LAMONGAN (Realita) - Sejumlah mandor (koordinator) tenaga kerja mendatangi Kantor Dinas Tenaga Kerja (Disnaker) di jalan Jaksa Agung Suprapto Kabupaten Lamongan, Kamis (17/0/2025) siang.
Kedatangan tersebut sehubungan dengan surat pengaduan yang disampaikan ke Disnaker Lamongan pada tanggal 2 Juli 2025, terkait upah atau pembayaran tenaga kerja proyek pembangunan Stadion Surajaya Lamongan yang belum terbayar 100% oleh perusahaan pelaksana proyek tersebut.
Wahyu, salah satu mandor mengaku telah menyelesaikan pekerjaannya sejak Februari 2025 lalu. Bahkan stadion yang menghabiskan anggaran ratusan miliyar rupiah itu sudah diresmikan Presiden RI, Prabowo Subianto, pada Bulan Maret 2025. Namun hingga lebih dari 5 bulan, hasil kerja kerasnya itu masih dibayar dengan janji-janji.

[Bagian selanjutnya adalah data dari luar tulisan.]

Lemma pos_edge_iff (n m : JposN R tau x) :
  JposE n m <-> pos_succ (proj1_sig n) (proj1_sig m).
Proof.
  destruct n as [y Hy], m as [z Hz]; simpl. unfold JposE; simpl.
  setoid_rewrite pos_traversed_iff. split.
  - intros [A [[_ [[_ HR] _]] [_ [_ Htau]]]]. exists A. split; [exact HR|].
    specialize (Htau y A eq_refl). congruence.
  - intros [A [HR ->]].
    assert (Hry : clos_refl_trans _ pos_move (ST x) (ST y))
      by (apply pos_reach_iff, pos_node_iff; exact Hy).
    assert (Hmove : pos_move (ST y) (SF y A)) by (split; [simpl; auto|discriminate]).
    exists A. split; [split; [exact Hry|exact Hmove]|split].
    + apply rt_trans with (ST y); [exact Hry|apply rt_step; exact Hmove].
    + split; [simpl; split; [exact HR|exact (Hs y A HR)]|].
      intros y' A' Heq. injection Heq as -> ->. reflexivity.
Qed.

Definition pos_root : JposN R tau x :=
  exist _ x (proj2 (pos_node_iff x) (rt_refl _ _ x)).

Lemma pos_rooted (n : JposN R tau x) : clos_refl_trans _ (@JposE F R tau x) pos_root n.
Proof.
  destruct n as [y Hy]. pose proof (proj1 (pos_node_iff y) Hy) as Hr.
  revert Hy. apply clos_rt_rtn1 in Hr.
  induction Hr as [|y z Hyz Hr IH]; intros Hz.
  - replace (exist _ x Hz) with pos_root by (apply sig_ext; reflexivity). apply rt_refl.
  - set (ny := exist _ y (proj2 (pos_node_iff y) (clos_rtn1_rt _ _ _ _ Hr))
                : JposN R tau x).
    apply rt_trans with ny; [apply IH|apply rt_step, pos_edge_iff; exact Hyz].
Qed.

Lemma pos_child (n : JposN R tau x) A : R (proj1_sig n) A ->
  exists m, JposE n m /\ proj1_sig m = tau (proj1_sig n) A.
Proof.
  destruct n as [y Hy]; simpl. intros HR.
  assert (Hsucc : pos_succ y (tau y A)) by (exists A; auto).
  assert (Hm : clos_refl_trans F pos_succ x (tau y A)).
  { apply rt_trans with y; [apply pos_node_iff; exact Hy|apply rt_step; exact Hsucc]. }
  exists (exist _ (tau y A) (proj2 (pos_node_iff _) Hm)). split; [|reflexivity].
  apply pos_edge_iff. exact Hsucc.
Qed.

Lemma positional_justification (neg : F -> F) (t f u : F) (Fd : F -> Prop) :
  fact_space neg t f u -> jframe neg t f u Fd R -> complementary neg Fd R ->
  justification Fd R (@JposE F R tau x) (@Jpos_lab F R neg tau x) /\
  connected (@JposE F R tau x) /\
  locally_complete Fd (@JposE F R tau x) (@Jpos_lab F R neg tau x) /\
  graph_like (@Jpos_lab F R neg tau x) /\
  is_root (@JposE F R tau x) (@Jpos_lab F R neg tau x) (neg x).
Proof.
  intros HFS HJF HC.
  assert (Hedge : forall n m : JposN R tau x, JposE n m ->
            exists A, R (proj1_sig n) A /\ proj1_sig m = tau (proj1_sig n) A)
    by (intros n m; apply pos_edge_iff).
  split; [|split; [|split; [|split]]].
  - exact (complement_justification HFS HJF HC (fun n A HR => Hs _ A HR) pos_child Hedge).
  - exact (connected_of_rooted _ _ pos_root pos_rooted).
  - exact (complement_locally_complete HFS HJF pos_child).
  - intros n m H. apply sig_ext. destruct HFS as [Hinv _].
    rewrite <- (Hinv (proj1_sig n)). unfold Jpos_lab in H. rewrite H. apply Hinv.
  - exists pos_root. split; [reflexivity|exact pos_rooted].
Qed.
End Positional.

Arguments positional_justification {F R tau x} Hs {neg t f u Fd}.

Section General.
Variables (F : Type) (R : F -> (F -> Prop) -> Prop)
  (tau : gstate F -> list (gstate F) -> F) (x : F).
Hypothesis Hs : gen_strategy R tau.

Definition gen_fact (p : list (gstate F)) : F := fact_of (last p (ST x)).
Definition gen_sel (p : list (gstate F)) (A : F -> Prop) : F :=
  tau (ST x) (p ++ [SF (gen_fact p) A]).

Lemma gen_consistent_snoc s0 l b : gen_consistent tau s0 (l ++ [b]) <->
  gen_consistent tau s0 l /\ (forall y A, last l s0 = SF y A -> b = ST (tau s0 l)).
Proof. exact (history_snoc _ l b). Qed.

Lemma gen_answer p y A : chain R (ST x) p -> last p (ST x) = ST y -> R y A ->
  A (tau (ST x) (p ++ [SF y A])).
Proof.
  intros Hc Hl HR. apply (Hs (ST x) _ y A I); [|apply last_last].
  rewrite chain_walk, walk_snoc, Hl, <- chain_walk. simpl. auto.
Qed.

Lemma gen_node_nil : gen_node R tau x [].
Proof. split; [exact I|split; [exact (history_nil _)|exists x; reflexivity]]. Qed.

Lemma gen_node_snoc p y A z :
  gen_node R tau x (p ++ [SF y A; ST z]) <->
  gen_node R tau x p /\ last p (ST x) = ST y /\ R y A /\
  z = tau (ST x) (p ++ [SF y A]).
Proof.
  change [SF y A; ST z] with ([SF y A] ++ [ST z]). rewrite app_assoc.
  unfold gen_node. rewrite chain_walk, !walk_snoc, last_last, <- chain_walk.
  rewrite !gen_consistent_snoc, last_last. split.
  - intros [[[Hc Hg1] [HR HA]] [[[Hk _] Htau] _]].
    destruct (last p (ST x)) as [w|w B] eqn:Hl; simpl in Hg1; [|tauto].
    destruct Hg1 as [<- _]. repeat split; auto.
    + exists y. reflexivity.
    + specialize (Htau y A eq_refl). congruence.
  - intros [[Hc [Hk _]] [Hl [HR ->]]].
    repeat split; auto.
    + rewrite Hl. simpl. auto.
    + exact (gen_answer p y A Hc Hl HR).
    + intros y' A' Heq. rewrite Hl in Heq. discriminate.
    + exists (tau (ST x) (p ++ [SF y A])). apply last_last.
Qed.

Lemma gen_node_shape p : gen_node R tau x p ->
  p = [] \/ exists p' y A z, p = p' ++ [SF y A; ST z].
Proof.
  intros [Hc [_ [y Hy]]].
  destruct p as [|s p] using rev_ind; [left; reflexivity|right].
  rewrite last_last in Hy. subst s.
  rewrite chain_walk, walk_snoc in Hc. destruct Hc as [Hc Hg].
  destruct p as [|s p] using rev_ind; [simpl in Hg; tauto|].
  rewrite last_last in Hg. destruct s as [z|z A]; simpl in Hg; [tauto|].
  exists p, z, A, y. rewrite <- app_assoc. reflexivity.
Qed.

Lemma gen_fact_node (n : JgenN R tau x) :
  last (proj1_sig n) (ST x) = ST (gen_fact (proj1_sig n)).
Proof.
  destruct n as [p Hp]. unfold gen_fact. simpl. destruct Hp as [_ [_ [y Hy]]].
  rewrite Hy. reflexivity.
Qed.

Lemma gen_sel_answer (n : JgenN R tau x) A : R (gen_fact (proj1_sig n)) A ->
  A (gen_sel (proj1_sig n) A).
Proof.
  intros HR. unfold gen_sel.
  apply gen_answer; [exact (proj1 (proj2_sig n))|apply gen_fact_node|exact HR].
Qed.

Lemma gen_child (n : JgenN R tau x) A : R (gen_fact (proj1_sig n)) A ->
  exists m, JgenE n m /\ gen_fact (proj1_sig m) = gen_sel (proj1_sig n) A.
Proof.
  intros HR.
  assert (Hm : gen_node R tau x (proj1_sig n ++
                 [SF (gen_fact (proj1_sig n)) A; ST (gen_sel (proj1_sig n) A)]))
    by (apply gen_node_snoc; split; [exact (proj2_sig n)|];
        split; [apply gen_fact_node|split; [exact HR|reflexivity]]).
  exists (exist _ _ Hm). split.
  - do 3 eexists. reflexivity.
  - unfold gen_fact at 1. simpl.
    change [SF (gen_fact (proj1_sig n)) A; ST (gen_sel (proj1_sig n) A)]
      with ([SF (gen_fact (proj1_sig n)) A] ++ [ST (gen_sel (proj1_sig n) A)]).
    rewrite app_assoc, last_last. reflexivity.
Qed.

Lemma gen_parent (n m : JgenN R tau x) : JgenE n m ->
  exists A, R (gen_fact (proj1_sig n)) A /\
    gen_fact (proj1_sig m) = gen_sel (proj1_sig n) A.
Proof.
  intros [y [A [z Hm]]].
  pose proof (proj2_sig m) as Hnode. simpl in Hnode. rewrite Hm in Hnode.
  apply gen_node_snoc in Hnode. destruct Hnode as [_ [Hl [HR Hz]]].
  assert (Hy : gen_fact (proj1_sig n) = y) by (unfold gen_fact; rewrite Hl; reflexivity).
  exists A. rewrite Hy. split; [exact HR|].
  unfold gen_fact at 1, gen_sel. rewrite Hm, Hy, <- Hz.
  change [SF y A; ST z] with ([SF y A] ++ [ST z]). rewrite app_assoc, last_last.
  reflexivity.
Qed.

Definition gen_root : JgenN R tau x := exist _ [] gen_node_nil.

Lemma gen_rooted (n : JgenN R tau x) : clos_refl_trans _ (@JgenE F R tau x) gen_root n.
Proof.
  remember (length (proj1_sig n)) as k eqn:Hk. revert n Hk.
  induction k as [k IH] using lt_wf_ind. intros n Hk.
  destruct (gen_node_shape _ (proj2_sig n)) as [Hroot|[p' [y [A [z Hp]]]]].
  - replace n with gen_root by (apply sig_ext; rewrite Hroot; reflexivity).
    apply rt_refl.
  - pose proof (proj2_sig n) as Hn. rewrite Hp in Hn.
    pose proof (proj1 (proj1 (gen_node_snoc p' y A z) Hn)) as Hp'.
    apply rt_trans with (exist _ p' Hp').
    + apply (IH (length p')); [rewrite Hk, Hp, length_app; simpl; lia|reflexivity].
    + apply rt_step. exists y, A, z. exact Hp.
Qed.

Lemma gen_edge_length (n m : JgenN R tau x) : JgenE n m ->
  length (proj1_sig n) < length (proj1_sig m).
Proof. intros [y [A [z ->]]]. rewrite length_app. simpl. lia. Qed.

Lemma gen_unique_parent (a b c : JgenN R tau x) : JgenE a c -> JgenE b c -> a = b.
Proof.
  intros [y [A [z Ha]]] [y' [A' [z' Hb]]]. apply sig_ext. rewrite Ha in Hb.
  change [SF y A; ST z] with ([SF y A] ++ [ST z]) in Hb.
  change [SF y' A'; ST z'] with ([SF y' A'] ++ [ST z']) in Hb.
  rewrite !app_assoc in Hb. apply app_inj_tail in Hb. destruct Hb as [Hb _].
  apply app_inj_tail in Hb. exact (proj1 Hb).
Qed.

Lemma general_justification (neg : F -> F) (t f u : F) (Fd : F -> Prop) :
  fact_space neg t f u -> jframe neg t f u Fd R -> complementary neg Fd R ->
  justification Fd R (@JgenE F R tau x) (@Jgen_lab F R neg tau x) /\
  connected (@JgenE F R tau x) /\
  locally_complete Fd (@JgenE F R tau x) (@Jgen_lab F R neg tau x) /\
  tree_like (@JgenE F R tau x) /\
  is_root (@JgenE F R tau x) (@Jgen_lab F R neg tau x) (neg x).
Proof.
  intros HFS HJF HC.
  split; [|split; [|split; [|split]]].
  - exact (complement_justification HFS HJF HC gen_sel_answer gen_child gen_parent).
  - exact (connected_of_rooted _ _ gen_root gen_rooted).
  - exact (complement_locally_complete HFS HJF gen_child).
  - exact (tree_like_of_rank _ _ _ gen_edge_length gen_unique_parent).
  - exists gen_root. split; [reflexivity|exact gen_rooted].
Qed.
End General.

"PT. Wika Bangunan Gedung (perusahaan pelaksana) belum memenuhi urusan administrasi (sisa pembayaran). Padahal pekerjaan sudah kami selesaikan sejak bulan Februari (2025) dan diresmikan bulan Maret (2025). Namun hingga kini, PT. Wika belum memenuhi administrasi yang sudah kami ajukan sejak bulan itu," kata Wahyu didampingi sejumlah mandor lainnya, di Kantor Disnker Lamongan, Kamis (17/7/2025).
"Ini sudah berbulan-bulan kami menunggu. Sementara kami ini bukan pengusaha-pengusaha besar, melainkan hanya orang-orang UMKM, yang justru membantu perusahaan sebesar BUMN untuk bisa menyelesaikan pekerjaan dengan baik. ," terusnya.
Lebih lanjut, Wahyu mengatakan kurang lebih ada 29 mandor yang haknya belum terbayarkan. Namun dalam upaya ini hanya diikuti oleh 12 mandor. "Dari 12 ini kalau dijumlah tagihannya sekitar 5,6 miliyar rupiah. Pada intinya kami hanya ingin menuntut hak kami saja, karena kami sudah berkeringat, berkeluh untuk bisa mengerjakan stadion Lamongan itu," pungkasnya.
Sementara itu, Kepala Disnaker Lamongan, M. Zamroni, menegaskan akan berupaya melakukan penyelesaian dengan koordinasi dengan beberapa Organisasi Perangkat Daerah (OPD) dan memanggil pihak PT. Wika Bangunan Gedung.
"Sesuai dengan surat pengaduan yang kami terima, maka hari ini para mandor tersebut kami panggil untuk menjelaskan persoalannya. Dan nanti kita akan komunikasikan dengan rekan-rekan OPD yang berkaitan untuk membantu persoalan ini. Setelah ini kita juga akan ketemu dengan pihak PT. Wika untuk minta penjelasan dan lain sebagainya, termasuk juga dengan OPD-OPD terkait," jelasnya.
Seperti pemberitaan sebelumnya, puluhan mandor pelaksana proyek pembangunan stadion Surajaya Lamongan, mengeluhkan soal sisa pembayaran kerja yang belum terbayar 100% oleh perusahaan pelaksana pekerjaan, PT. Wika Bangunan Gedung, Tbk.
Hal tersebut juga berimbas kepada Rofiah (53), pemilik warung makan, asal Desa Kebonagung, Kecamatan Babat, Kabupaten Lamongan, yang mengaku jika para pekerja proyek meninggalkan utang di warung miliknya hingga total Rp. 173.000.000,-.
"Saya juga kesulitan memenuhi kebutuhan hidup sehari-hari. Bahkan terpaksa berutang ke kesana-sini untuk mencukupi kebutuhan keluarga saya," keluh Rofiah saat ditemui awak media di warungnya di Jalan Pahlawan Lamongan, Kamis (3/7/2025).